The lattice approach is ideally suited to resolve this conundrum. At least in principle, it should be possible to determine \(\varDelta _Q\) with the same accuracy as \(m_s/m_{ud}\) – the issue concerns QCD and is not plagued by the long range contributions from QED, which are difficult to account for at finite volume. The calculation requires the simulation of QCD with three (or more) quark flavours of unequal mass. More precisely, one needs to calculate the meson masses \(M_{\pi ^+}\), \(M_{K^+}\), \(M_{K^0}\) in this theory as a function of the quark masses \(m_u\), \(m_d\), \(m_s\). The scale \(\varLambda _{\mathrm {QCD}}\) can be pinned down with the pion decay constant, for instance, and if the simulation includes charmed quarks, the corresponding mass can be fixed with \(M_{D^+}\). The quantities of interest are the following combinations of meson and quark masses:

$$\begin{aligned} \varDelta _S= & {} \frac{2M_K^2}{M_\pi ^2(S+1)}-1,\quad \varDelta _R= \frac{M_K^2-M_\pi ^2}{(M_{K^0}^2-M_{K^+}^2)R}-1,\nonumber \\ \varDelta _Q= & {} \varDelta _S+\varDelta _R+\varDelta _S\varDelta _R, \end{aligned}$$
(9.33)

with \(M_\pi ^2\equiv \frac{1}{2}(M_{\pi ^0}^2+M_{\pi ^+}^2)\) and \(M_K^2\equiv \frac{1}{2}(M_{K^0}^2+M_{K^+}^2)\). If the pion decay constant as well as the relative size of the quark masses are held fixed, \(\varDelta _S\) and \(\varDelta _R\) grow in proportion to \(m_s\) while \(\varDelta _Q\) is proportional to \(m_s^2\). For sufficiently small quark masses, chiral symmetry guarantees that \(\varDelta _Q\) is small compared to \(\varDelta _S\) and \(\varDelta _R\), but if the breaking of chiral symmetry becomes comparable to the scale of the theory, there is no reason for this to be so. Table 10 indicates that, for quark masses in the vicinity of the physical values, \(\varDelta _S\) amounts to about 0.05. What is the size of \(\varDelta _Q\) there?

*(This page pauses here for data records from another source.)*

(* In the FIND setting of the context, let $\mathcal C_r$ and $\mathcal C_s$ be leaf clusters of $\mathcal T$, choose consistent orderings of $\mathcal T_r^+$ and $\mathcal T_s^+$, and let $\boldsymbol\Sigma_{r,g}$, $\boldsymbol\Sigma_{s,g}$ denote the matrices produced by the elimination process for target $r$ and target $s$ respectively. Then for every cluster $\mathcal C_i$ that is a node of both $\mathcal T_r^+$ and $\mathcal T_s^+$, $$\boldsymbol\Sigma_{r,i}(\mathcal S_i\cup\mathcal B_i,\mathcal S_i\cup\mathcal B_i)=\boldsymbol\Sigma_{s,i}(\mathcal S_i\cup\mathcal B_i,\mathcal S_i\cup\mathcal B_i).$$
   Context: Setting (FIND). $\mathcal M$ is a finite set of mesh nodes; $\mathbf A$ is an invertible complex matrix indexed by $\mathcal M\times\mathcal M$, structurally symmetric ($A_{ij}\neq0\iff A_{ji}\neq0$); distinct nodes $i,j$ are connected if $A_{ij}\neq 0$. $\boldsymbol\Sigma$ is a complex matrix indexed by $\mathcal M\times\mathcal M$ with $\Sigma_{ij}=0$ whenever $i\neq j$ and $i,j$ are not connected. Matrices are indexed by $\mathcal M$ itself (the ordering only determines the sequence of eliminations). $\dagger$ is conjugate transpose, $\mathbf X^{-\dagger}=(\mathbf X^{-1})^\dagger$. $\mathbf X(X,Y)$ is the submatrix with rows in $X$, columns in $Y$. For a cluster $\mathcal C\subseteq\mathcal M$: boundary set $\mathcal B_{\mathcal C}=\{i\in\mathcal C: A_{ij}\neq 0\text{ for some } j\notin\mathcal C\}$, inner set $\mathcal I_{\mathcal C}=\mathcal C\setminus\mathcal B_{\mathcal C}$; for $\mathcal C_g$ write $\mathcal B_g,\mathcal I_g$. Cluster tree: $\mathcal T$ is a rooted binary tree of clusters with root $\mathcal M$, each non-leaf cluster the disjoint union of its two children. For a leaf $\mathcal C_r$ with path $r=a_0,\dots,a_d$ (root) and $b_k$ the sibling of $a_k$, the augmented tree $\mathcal T_r^+$ has root $\mathcal C_{-r}=\mathcal M\setminus\mathcal C_r$; for $0\le k\le d-2$, $\mathcal C_{-a_k}=\mathcal M\setminus\mathcal C_{a_k}$ has children $\mathcal C_{b_k}$ and $\mathcal C_{-a_{k+1}}$, with $\mathcal C_{-a_{d-1}}$ identified with $\mathcal C_{b_{d-1}}$; each basic cluster $\mathcal C_{b_k}$ carries its subtree from $\mathcal T$. (A node's subtree is determined by the node, so a cluster common to two augmented trees has the same subtree in both.) Private inner nodes: $\mathcal S_g=\mathcal I_g$ for a leaf $g$ of an augmented tree; $\mathcal S_g=\mathcal I_g\setminus(\mathcal I_i\cup\mathcal I_j)$ if $g$ has children $i,j$. Consistent ordering: a total order $g_1,\dots,g_m$ of the nodes of $\mathcal T_r^+$ with every node after all its descendants. Elimination for target $r$: $\mathbf A_{r,g_1}=\mathbf A$, $\boldsymbol\Sigma_{r,g_1}=\boldsymbol\Sigma$; for each $g$ (with $\mathbf A_{r,g}(\mathcal S_g,\mathcal S_g)$ invertible), $\mathcal L_g=\mathbf A_{r,g}(\mathcal B_g,\mathcal S_g)\mathbf A_{r,g}(\mathcal S_g,\mathcal S_g)^{-1}$, $\mathbf L_g$ is the identity on $\mathcal M$ except $\mathbf L_g(\mathcal B_g,\mathcal S_g)=\mathcal L_g$, $\mathbf A_{r,g+}=\mathbf L_g^{-1}\mathbf A_{r,g}$, $\boldsymbol\Sigma_{r,g+}=\mathbf L_g^{-1}\boldsymbol\Sigma_{r,g}\mathbf L_g^{-\dagger}$, and $\mathbf A_{r,g_{t+1}}=\mathbf A_{r,g_t+}$, $\boldsymbol\Sigma_{r,g_{t+1}}=\boldsymbol\Sigma_{r,g_t+}$. Thus $\boldsymbol\Sigma_{r,i}$ is the matrix just before eliminating $\mathcal S_i$. *)

From mathcomp Require Import all_boot all_order all_algebra.
Set Implicit Arguments. Unset Strict Implicit. Unset Printing Implicit Defensive.
Import Order.TTheory GRing.Theory Num.Theory.
Local Open Scope ring_scope.

Section FIND.
Variables (C : numClosedFieldType) (n : nat).
Local Notation node := 'I_n.

Inductive ctree :=
| CLeaf of {set node}
| CNode of {set node} & ctree & ctree.

Definition clus (t : ctree) : {set node} :=
  match t with CLeaf X => X | CNode X _ _ => X end.

Fixpoint wf_ctree (t : ctree) : bool :=
  match t with
  | CLeaf X => X != set0
  | CNode X l r => [&& X == clus l :|: clus r, [disjoint clus l & clus r],
                     wf_ctree l & wf_ctree r]
  end.

Fixpoint subtrees (t : ctree) : seq ctree :=
  t :: match t with CLeaf _ => [::] | CNode _ l r => subtrees l ++ subtrees r end.

Definition descendants (t : ctree) : seq ctree := behead (subtrees t).

Fixpoint memP (x : ctree) (s : seq ctree) : Prop :=
  match s with [::] => False | y :: s' => x = y \/ memP x s' end.

Definition dflt : ctree := CLeaf set0.

(* Augmented tree of a leaf reached by path p (true = left child).
   acc is the augmented subtree whose cluster is M \ C_t. *)
Fixpoint aug_from (acc t : ctree) (p : seq bool) : option ctree :=
  match t, p with
  | CLeaf _, [::] => Some acc
  | CNode _ l r, b :: p' =>
      let a := if b then l else r in
      let sib := if b then r else l in
      aug_from (CNode (~: clus a) sib acc) a p'
  | _, _ => None
  end.

(* T_r^+ for the leaf of t at path p; the root C_{-a_{d-1}} is identified
   with the sibling subtree C_{b_{d-1}}.  None if p does not lead to a leaf
   or the leaf is the root (d = 0). *)
Definition aug_tree (t : ctree) (p : seq bool) : option ctree :=
  match t, p with
  | CNode _ l r, b :: p' => aug_from (if b then r else l) (if b then l else r) p'
  | _, _ => None
  end.

Definition consistent_ordering (Tr : ctree) (ord : seq ctree) : Prop :=
  (forall x, memP x ord <-> memP x (subtrees Tr)) /\
  (forall i j, (i < size ord)%N -> (j < size ord)%N ->
     nth dflt ord i = nth dflt ord j -> i = j) /\
  (forall k, (k < size ord)%N -> forall y, memP y (descendants (nth dflt ord k)) ->
     exists2 k', (k' < k)%N & nth dflt ord k' = y).

Variable A : 'M[C]_n.

Definition boundary (X : {set node}) : {set node} :=
  [set i in X | [exists j, (j \notin X) && (A i j != 0)]].
Definition inner (X : {set node}) : {set node} := X :\: boundary X.

Definition priv (g : ctree) : {set node} :=
  match g with
  | CLeaf X => inner X
  | CNode X l r => inner X :\: (inner (clus l) :|: inner (clus r))
  end.

(* selection matrix of a set S: sel S *m M *m (sel S)^T = M(S,S) *)
Definition sel (S : {set node}) : 'M[C]_(#|S|, n) :=
  \matrix_(k < #|S|, j < n) ((enum_val k == j)%:R).
Definition subM (M : 'M[C]_n) (S : {set node}) : 'M[C]_#|S| :=
  sel S *m M *m (sel S)^T.
Definition proj (B : {set node}) : 'M[C]_n := diag_mx (\row_j ((j \in B)%:R)).

Definition ctrmx (M : 'M[C]_n) : 'M[C]_n := (map_mx (fun x => x^*) M)^T.

(* L_g: identity except L_g(B_g,S_g) = M(B_g,S_g) M(S_g,S_g)^{-1} *)
Definition Lmat (M : 'M[C]_n) (g : ctree) : 'M[C]_n :=
  let S := priv g in let B := boundary (clus g) in
  1%:M + proj B *m M *m (sel S)^T *m invmx (subM M S) *m sel S.

Definition elim_step (AS : 'M[C]_n * 'M[C]_n) (g : ctree) : 'M[C]_n * 'M[C]_n :=
  let Li := invmx (Lmat AS.1 g) in (Li *m AS.1, Li *m AS.2 *m ctrmx Li).

(* (A_{r,g_{k+1}}, Sigma_{r,g_{k+1}}): matrices just before eliminating the
   k-th node (0-based) of the ordering *)
Definition elim_before (Sig : 'M[C]_n) (ord : seq ctree) (k : nat) :=
  foldl elim_step (A, Sig) (take k ord).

While completing the present work, the Fermilab Lattice, MILC & TUMQCD collaborations came up with a new lattice determination of the quark masses [115]. Unfortunately, the paper does not contain a result for the ratio Q, but neglecting correlations and adding errors in quadrature, the mass ratios which are given therein, \(S= 27.182(46)(56)(1)\) and \(m_u/m_d=0.4517(55)(101)\), imply \(Q=22.1(3)\) and \(R=34.7(1.0)\). The central values are very close to our numbers in Eqs. (9.12) and (9.28). Accordingly, the outcome of this calculation appears to be consistent with a coherent chiral expansion of the meson masses and to confirm that the corrections to the current algebra formulae are small. Although the paper focuses on the determination of the masses of the heavy quarks, the ratios \(m_u/m_d\) and \(m_s/m_{ud}\) are given to remarkable accuracy. In particular, the precision claimed for S is breathtaking – the quoted uncertainty is about four times smaller than for the FLAG value (9.21) we are relying on and the uncertainty in the outcome for Q is smaller than ours by more than a factor of two. Concerning the comparison with [92, 93], the main difference is that the calculation is done within QCD rather than QCD + QED. The outcome for the masses \(m_u\), \(m_d\) and \(m_s\) is corrected for e.m. effects, but for details of the procedure used, the reader is referred to a forthcoming paper by the MILC collaboration.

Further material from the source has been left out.